<<<<

(* Let $\rho$ be an operator on $h$ and let $\rho_0$ denote $\rho$ on slice $0$. Let $\mathcal H_E\cong\mathcal H$ be an environment, $|\Phi^+\rangle=\sum_{\mathbf i}|\mathbf i\rangle|\mathbf i\rangle_E$ (sum over the product basis), and for an operator $A$ on $\mathcal H$ let $$|\mathbf A\rangle:=(A\otimes\mathbb 1_E)|\Phi^+\rangle$$ be its Choi vector. Then, for all operators $O^{(0)},\dots,O^{(N-1)}$ on $h$, $$\Big\langle\big(\textstyle\bigotimes_tO^{(t)}_t\big)^\dagger\Big|\rho_0e^{i\tilde{\mathcal S}}\Big\rangle=\mathrm{tr}\big[\rho\,O^{(N-1)}(\epsilon(N-1))\cdots O^{(1)}(\epsilon)\,O^{(0)}(0)\big],$$ where the left side is the inner product of the Choi vectors of $\big(\bigotimes_tO^{(t)}_t\big)^\dagger$ and of $\rho_0e^{i\tilde{\mathcal S}}$, and $O(s)=e^{isH}Oe^{-isH}$.
   Context: Bosonic-like setting. Fix integers $d\ge1$, $N\ge1$, a real $\epsilon>0$, and set $T=\epsilon N$. Let $h$ be a $d$-dimensional Hilbert space with orthonormal basis $\{|i\rangle\}$ and trace $\mathrm{tr}$. The space $\mathcal H$. Let $\mathcal H=h^{\otimes N}$, with factors indexed by slices $t=0,\dots,N-1$. $A_t$ denotes $A$ acting on factor $t$, and $\bigotimes_tO^{(t)}_t=O^{(0)}\otimes\dots\otimes O^{(N-1)}$. Quantum action. Let $C$ be the cyclic shift $C|i_0\dots i_{N-1}\rangle=|i_{N-1}i_0\dots i_{N-2}\rangle$, and let $H$ be a hermitian operator on $h$. Define $$e^{i\mathcal S}=C\prod_te^{-i\epsilon H_t},\qquad e^{i\tilde{\mathcal S}}:=e^{iTH_0}e^{i\mathcal S}.$$ *)

From HB Require Import structures.
From mathcomp Require Import all_boot all_order all_algebra.
From mathcomp Require Import complex.
From mathcomp Require Import all_classical all_reals all_analysis.
Set Implicit Arguments. Unset Strict Implicit. Unset Printing Implicit Defensive.
Import Order.TTheory GRing.Theory Num.Theory numFieldNormedType.Exports.
Local Open Scope ring_scope.
Local Open Scope classical_set_scope.
Local Open Scope complex_scope.

Section QuantumAction.
Variable R : realType.
Local Notation C := R[i].

Definition iC : C := Complex 0 1.

Definition mpow n (A : 'M[C]_n) (k : nat) : 'M[C]_n := iter k (mulmx A) 1%:M.

Definition mexp_partial n (A : 'M[C]_n) (k : nat) : 'M[C]_n :=
  \sum_(l < k) (l`!%:R)^-1 *: mpow A l.

(* matrix exponential: entrywise limit of the partial sums (limits of real and
   imaginary parts in R; convergence in C = convergence of both parts) *)
Definition mexp n (A : 'M[C]_n) : 'M[C]_n :=
  \matrix_(i, j)
    Complex (lim (@complex.Re R (mexp_partial A k i j) @[k --> \oo]))
            (lim (@complex.Im R (mexp_partial A k i j) @[k --> \oo])).

Definition adjoint m n (A : 'M[C]_(m, n)) : 'M[C]_(n, m) := (map_mx conjc A)^T.

(* product basis of H = h^{(x) N}: multi-indices i = (i_0,...,i_{N-1}) *)
Definition Idx (d N : nat) := {ffun 'I_N -> 'I_d}.
(* operators on H are #|Idx d N| x #|Idx d N| matrices; a matrix index
   a corresponds to the basis multi-index enum_val a *)
Notation opH d N := ('M[C]_#|{: Idx d N}|).

Definition slice_op d N (t : 'I_N) (A : 'M[C]_d) : opH d N :=
  \matrix_(a, b)
    (A ((enum_val a : Idx d N) t) ((enum_val b : Idx d N) t) *
     ([forall s : 'I_N, (s != t) ==> ((enum_val a : Idx d N) s == (enum_val b : Idx d N) s)])%:R).

Definition tensor_op d N (O : 'I_N -> 'M[C]_d) : opH d N :=
  \matrix_(a, b) \prod_(t < N) O t ((enum_val a : Idx d N) t) ((enum_val b : Idx d N) t).

(* cyclic shift C |i_0 ... i_{N-1}> = |i_{N-1} i_0 ... i_{N-2}> *)
Definition shift_idx d N (i : Idx d N) : Idx d N := [ffun t => i (ord_pred t)].
Definition cshift d N : opH d N :=
  \matrix_(a, b) ((enum_val a : Idx d N) == shift_idx (enum_val b : Idx d N))%:R.

Definition eiS d N (eps : R) (H : 'M[C]_d) : opH d N :=
  cshift d N *m \big[mulmx/1%:M]_(t < N) mexp ((- iC * eps%:C) *: slice_op t H).

Definition eiS_tilde d N (t0 : 'I_N) (eps : R) (H : 'M[C]_d) : opH d N :=
  mexp ((iC * (eps * N%:R)%:C) *: slice_op t0 H) *m eiS N eps H.

(* |Phi^+> = sum_i |i>|i>_E  on  H (x) H_E, basis indexed by pairs *)
Definition phi_plus d N (q : Idx d N * Idx d N) : C := (q.1 == q.2)%:R.

Definition choi d N (A : opH d N) (p : Idx d N * Idx d N) : C :=
  \sum_(q : Idx d N * Idx d N)
     (A (enum_rank p.1) (enum_rank q.1) * (p.2 == q.2)%:R) * phi_plus q.

Definition inner d N (u v : Idx d N * Idx d N -> C) : C :=
  \sum_(p : Idx d N * Idx d N) conjc (u p) * v p.

Definition heis d (H : 'M[C]_d) (s : R) (O : 'M[C]_d) : 'M[C]_d :=
  mexp ((iC * s%:C) *: H) *m O *m mexp ((- iC * s%:C) *: H).

End QuantumAction.

From HB Require Import structures.
From mathcomp Require Import all_boot all_order all_algebra.
From mathcomp Require Import complex.
From mathcomp Require Import all_classical all_reals all_analysis.
From mathcomp Require Import ring lra zify.
Import Order.TTheory GRing.Theory Num.Theory numFieldNormedType.Exports.
Local Open Scope ring_scope.

(* By the Choi isomorphism the left-hand side is the trace of
   (x)_t O^(t)_t * rho_0 e^{iS~}.  Exponentials of one-slice operators are
   slices of exponentials, so this is tr (X C Y) for tensor products X, Y and
   the cyclic shift C; expanding the trace turns it into a sum over closed
   walks through the slices, i.e. tr (M_{N-1} ... M_0) with
   M_t = e^{-i eps H} O^(t), slice 0 also carrying rho e^{iTH}.  The group law
   e^{iaH} e^{ibH} = e^{i(a+b)H}, proved through the Cauchy product of the
   exponential series, telescopes this ordered product into
   e^{-iTH} O^(N-1)(eps (N-1)) ... O^(0)(0), and cyclicity of the trace cancels
   e^{-iTH} against e^{iTH}. *)

Lemma sum_triangle (V : nmodType) k (G : nat -> nat -> V) :
  \sum_(l < k) \sum_(i < l.+1) G (l - i)%N i
  = \sum_(i < k) \sum_(j < k) (if (i + j < k)%N then G i j else 0).
Proof.
elim: k => [|k IHk]; first by rewrite !big_ord0.
have -> : \sum_(i < k.+1) \sum_(j < k.+1) (if (i + j < k.+1)%N then G i j else 0)
    = \sum_(i < k.+1) \sum_(j < k.+1) (if (i + j < k)%N then G i j else 0)
    + \sum_(j < k.+1) \sum_(i < k.+1) (if (i + j == k)%N then G i j else 0).
  rewrite [X in _ + X]exchange_big -big_split; apply: eq_bigr => i _.
  rewrite -big_split; apply: eq_bigr => j _ /=.
  by rewrite ltnS leq_eqVlt; case: ltngtP; rewrite ?addr0 ?add0r.
rewrite big_ord_recr /= IHk; congr (_ + _).
  rewrite big_ord_recr /= [X in _ + X]big1 ?addr0 => [|j _]; last first.
    by rewrite ltnNge leq_addr.
  by apply: eq_bigr => i _; rewrite big_ord_recr /= ltnNge leq_addl addr0.
apply: eq_bigr => j _; have le_jk : (j <= k)%N by rewrite -ltnS.
rewrite (bigD1 (inord (k - j))) /= ?inordK ?ltnS ?leq_subr // subnK // eqxx.
rewrite big1 ?addr0 // => i ne_i; case: eqP => // ij_k; case/eqP: ne_i.
by apply: val_inj; rewrite /= inordK; lia.
Qed.

Section ExpSum.
Context {F : numFieldType} {A : algType F}.
Implicit Types x y : A.

Definition expsum x k := \sum_(l < k) (l`!%:R : F)^-1 *: x ^+ l.

Definition cauchy_term x y i j :=
  ((i`!%:R : F)^-1 * (j`!%:R)^-1) *: (x ^+ i * y ^+ j).

Lemma invfact_binomial l i : (i <= l)%N ->
  (l`!%:R : F)^-1 * 'C(l, i)%:R = ((l - i)`!%:R)^-1 * (i`!%:R)^-1.
Proof.
move=> le_il; have := congr1 (fun n => n%:R : F) (bin_fact le_il).
rewrite !natrM => <-.
have fact_neq0 n : (n`!%:R : F) != 0 by rewrite pnatr_eq0 -lt0n fact_gt0.
have bin_neq0 : ('C(l, i)%:R : F) != 0 by rewrite pnatr_eq0 -lt0n bin_gt0.
by field; rewrite !fact_neq0 bin_neq0.
Qed.

Lemma expsumM x y k :
  expsum x k * expsum y k = \sum_(i < k) \sum_(j < k) cauchy_term x y i j.
Proof.
rewrite mulr_suml; apply: eq_bigr => i _; rewrite mulr_sumr; apply: eq_bigr => j _.
by rewrite -scalerAl -scalerAr scalerA.
Qed.

Lemma expsumD x y k : GRing.comm x y ->
  expsum (x + y) k
  = \sum_(i < k) \sum_(j < k) (if (i + j < k)%N then cauchy_term x y i j else 0).
Proof.
move=> cxy; rewrite -sum_triangle; apply: eq_bigr => l _.
rewrite exprDn_comm // scaler_sumr; apply: eq_bigr => i _.
by rewrite -(scaler_nat 'C(l, i)) scalerA invfact_binomial // -ltnS.
Qed.

Lemma expsumMD x y k : GRing.comm x y ->
  expsum x k * expsum y k - expsum (x + y) k
  = \sum_(i < k) \sum_(j < k) (if (k <= i + j)%N then cauchy_term x y i j else 0).
Proof.
move=> cxy; rewrite expsumM expsumD // -sumrB; apply: eq_bigr => i _.
rewrite -sumrB; apply: eq_bigr => j _.
by case: ltnP; rewrite ?subrr ?subr0.
Qed.

End ExpSum.

Section NullSequences.
Context {R : realType}.
Local Open Scope classical_set_scope.

Lemma le_cvg0 {u v : nat -> R} :
  (forall k, 0 <= u k <= v k) -> v @ \oo --> 0 -> u @ \oo --> 0.
Proof. by move=> le_uv; apply: squeeze_cvgr (cvg_cst 0); apply: nearW. Qed.

Lemma dist_le_cvg {u v : nat -> R} {l} :
  (forall k, `|u k - l| <= v k) -> v @ \oo --> 0 -> u @ \oo --> l.
Proof.
move=> le_uv v0; apply: (@squeeze_cvgr _ _ _ _ (fun k => l - v k) (fun k => l + v k)).
- by apply: nearW => k; have := le_uv k; rewrite ler_distl => /andP[]; lra.
- by rewrite -[X in _ --> X]subr0; apply: cvgB => //; exact: cvg_cst.
- by rewrite -[X in _ --> X]addr0; apply: cvgD => //; exact: cvg_cst.
Qed.

Lemma cvg_sum0 (I : finType) (u : I -> nat -> R) :
  (forall i, u i @ \oo --> 0) -> (fun k => \sum_i u i k) @ \oo --> 0.
Proof.
move=> u0; rewrite -[X in _ --> X](@big1 R 0 +%R I (index_enum I) xpredT (fun=> 0)) //.
by apply: (@cvg_big _ _ +%R 0 xpredT add_continuous) => // i _; exact: u0.
Qed.

End NullSequences.

Section MatrixExponential.
Context {R : realType}.
Local Notation C := R[i].
Local Open Scope complex_scope.
Local Open Scope classical_set_scope.
Implicit Types z w : C.

(* An l1 size on [C] instead of the modulus: it needs no square roots, bounds
   both parts and is submultiplicative, which is all the estimates below use. *)
Definition cabs1 z : R := `|complex.Re z| + `|complex.Im z|.

Lemma cabs1_ge0 z : 0 <= cabs1 z. Proof. by rewrite addr_ge0. Qed.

>>>>

● ACTION ITEM
Report the number of lines in the records above that include "left", leaving out any other words.

● RESPONSE
2